Toolhub/Progress reports/2022-12-16

Report on activities in the Toolhub project for the 7 weeks ending 2022-12-16.

At long last, an update! edit

As the 2022 calendar year nears its end, we are delivering a long overdue update on the work of the Toolhub project. Our last report was written over 5 months ago. In that time the taxonomy research project and its community feedback period completed their work. The developers on the team were assigned to other work for several months. We started work in earnest on Toolhub again around 2022-11-01. Read on for more on what we have been doing since then.

Controlled vocabulary and taxonomy for Toolhub edit

Tracked in Phabricator:
Task T308030 resolved

Tricia started this major feature off with a research project followed by collecting community feedback with support from Komla and others. The collection of attributes and controlled vocabulary produced by that phase of the project were then implemented in the application itself. This involved backend work of extending the backend data model and API output, adding search facets for the new fields, and adding search filters for the new facets. Next we updated toolinfo details screens to show the new fields and extended the editing UI to allow populating them. Finally we setup localization for the values in the UI and linked the values from the detail screens back to drill down searches.

New toolinfo detail screen and editing layout edit

We redesigned the toolinfo detail screen as part of the work of adding the new controlled vocabulary fields there and connecting them back to drill down searches. The new design lays out the data in several sections. Each detail page starts with the basic information about the tool: icon, title, subtitle, description, URL, authors, and source code repository. Next come the status indicators for tools which have been marked as experimental or deprecated. The attributes of the tool are listed next: tool type, for wikis, audiences, content types, tasks, subject domains, available ui languages, keywords, and origin. Usage related URLs include the tool's URL (duplicated from the basic section) and alternate URLs. The collection is rounded out with URLs for the tool's api, user docs, feedback, privacy policy, and bugtracker. Information helpful for contributing to the tool is comprised of the tool's license, source code repository (duplicated from the basic section), translation URL, technologies used, and developer documentation URL. The final section is for more information that did not fit nicely into the prior sections: OpenHub project ID, a bot username used by the tool, organizations that sponsored the tool's development, and a Wikidata QID for the tool.

This same set of sections (basic information, attributes, usage, contributing, and more information) have been used in redesigning the edit forms for both the core toolinfo record and the associated community annotations layer.

New toolinfo edit button behavior edit

Tracked in Phabricator:
Task T308934 resolved

When we introduced editing of the community annotations layer we thought that we could keep things simple for everyone by only having a single edit button that would be "smart" about deciding if you should be editing only the community annotations or the combination of the community annotations and core toolinfo record. JJMC89 discovered that this design actually meant that there were some changes which could be made by the community that could not be corrected by the owner of the toolinfo record.

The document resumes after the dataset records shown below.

Theorem lemma4p22 (N : nat) (ns ms : seq nat) :
  all (fun n => 0 < n)%N ns -> all (fun n => 0 < n)%N ms ->
  (\prod_(n <- ns) n)%N = N -> (\prod_(n <- ms) n)%N = N ->
  let F := fourier ns N in let G := fourier ms N in
  ((equivalent F G <-> perm_equivalent F G) /\
   (perm_equivalent F G <-> index_groups_iso ns ms N)) /\
  (equivalent F G ->
     pairset_eq (MapP F G) (pairset_mul (MapS F G) (@StabZ ns N)) /\
     pairset_eq (MapP F G) (pairset_mul (@StabZ ms N) (MapS F G))).
Proof.
move=> ns_pos ms_pos; case: N => [|n] ns_prod ms_prod F G.
  by have := prod_seq_gt0 ns_pos; rewrite ns_prod.
split; first split.
- exact: equivalent_perm_equivalent.
- by split; [apply: perm_equivalent_index_iso | apply: index_iso_perm_equivalent].
- by split; [apply: MapP_MapS_StabZ | apply: MapP_StabZ_MapS].
Qed.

This bug has been fixed by introducing more complex behavior for the edit button. If you only have permission to edit the community annotations things will look and feel the same as before. If however you also have permission to edit the core toolinfo record, clicking the edit button will now present a menu allowing you choose between editing the core toolinfo or the community annotations.

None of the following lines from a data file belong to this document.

Record flowMonoid := FlowMonoid {
  fm_car :> Type;
  fm_add : fm_car -> fm_car -> fm_car;
  fm_zero : fm_car;
  fm_addC : forall a b, fm_add a b = fm_add b a;
  fm_addA : forall a b c, fm_add a (fm_add b c) = fm_add (fm_add a b) c;
  fm_add0 : forall a, fm_add fm_zero a = a;
  fm_antisym : forall a b, mle fm_add a b -> mle fm_add b a -> a = b;
  fm_complete : forall K, ascending fm_add K -> exists l, is_lub fm_add K l;
  fm_addlub : forall n K l, ascending fm_add K -> is_lub fm_add K l ->
      is_lub fm_add (fun i => fm_add n (K i)) (fm_add n l)
}.

Section FlowGraphs.
Variable M : flowMonoid.

Local Notation madd := (@fm_add M).
Local Notation mzero := (fm_zero M).

Definition continuous (f : M -> M) : Prop :=
  forall (K : nat -> M) (l : M), ascending madd K -> is_lub madd K l ->
    is_lub madd (fun i => f (K i)) (f l).

Definition lub (K : nat -> M) : M :=
  epsilon (inhabits mzero) (fun l => is_lub madd K l).

Definition msum (s : seq M) : M := foldr madd mzero s.

(* ---------- Flow graphs ----------
   A flow graph (X, E, in) with  E : X x N -> C(M -> M)  and
   in : (N \ X) x X -> M  is encoded by total functions that are
   normalised outside their domain (E x _ = 0-map for x \notin X,
   in y x = 0 unless y \notin X and x \in X). *)
Record flowGraph := FlowGraph {
  fg_X : {fset nat};
  fg_E : nat -> nat -> M -> M;
  fg_in : nat -> nat -> M;
  fg_Econt : forall x y, continuous (fg_E x y);
  fg_Eout : forall x y, x \notin fg_X -> fg_E x y = (fun _ => mzero);
  fg_inout : forall y x, (y \in fg_X) || (x \notin fg_X) -> fg_in y x = mzero
}.

(* in_x = sum_{y in N \ X} in(y, x): lub of the finite partial sums *)
Definition inflow (h : flowGraph) (x : nat) : M :=
  lub (fun n => msum [seq fg_in h y x | y <- iota 0 n & y \notin fg_X h]).

Definition flow_eq (h : flowGraph) (f : nat -> M) : Prop :=
  forall x, x \in fg_X h ->
    f x = madd (inflow h x) (msum [seq fg_E h y x (f y) | y <- enum_fset (fg_X h)]).

Definition least_flow (h : flowGraph) (f : nat -> M) : Prop :=
  flow_eq h f /\
  (forall g, flow_eq h g -> forall x, x \in fg_X h -> mle madd (f x) (g x)).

Upgraded Elasticsearch python client libraries edit

Tracked in Phabricator:
Task T311787 resolved

The Search team completed their project to upgrade the production Elasticsearch cluster used by Toolhub to version 7.10.2 on 2022-09-29. With this milestone reached we were able to merge several follow up changes to complete Toolhub's migration to an Elasticsearch 7.x optimized client.

Other features added edit

Bug fixes edit

Development fixes edit

Outreachy Round 25 project underway edit

Hannah and Nicole are Outreachy Round 25 interns working on building a tool called "Toolhunt". Slavina, Damilare, and RoySmith are co-mentoring this project. You can follow the planning and implementation of Toolhunt on Phabricator. Work under the Outreachy internship will continue through March 3, 2023.

Wrap up edit

With all the work described above done the team is planning on a quiet end to 2022 of time off with friends and family. We will be back in January 2023 to start the work of promoting these new features with the larger Wikimedia community. We also hope to announce additional focused work with a sub-community of Wikimedians to increase their usage of Toolhub. Look for more updates in 2023!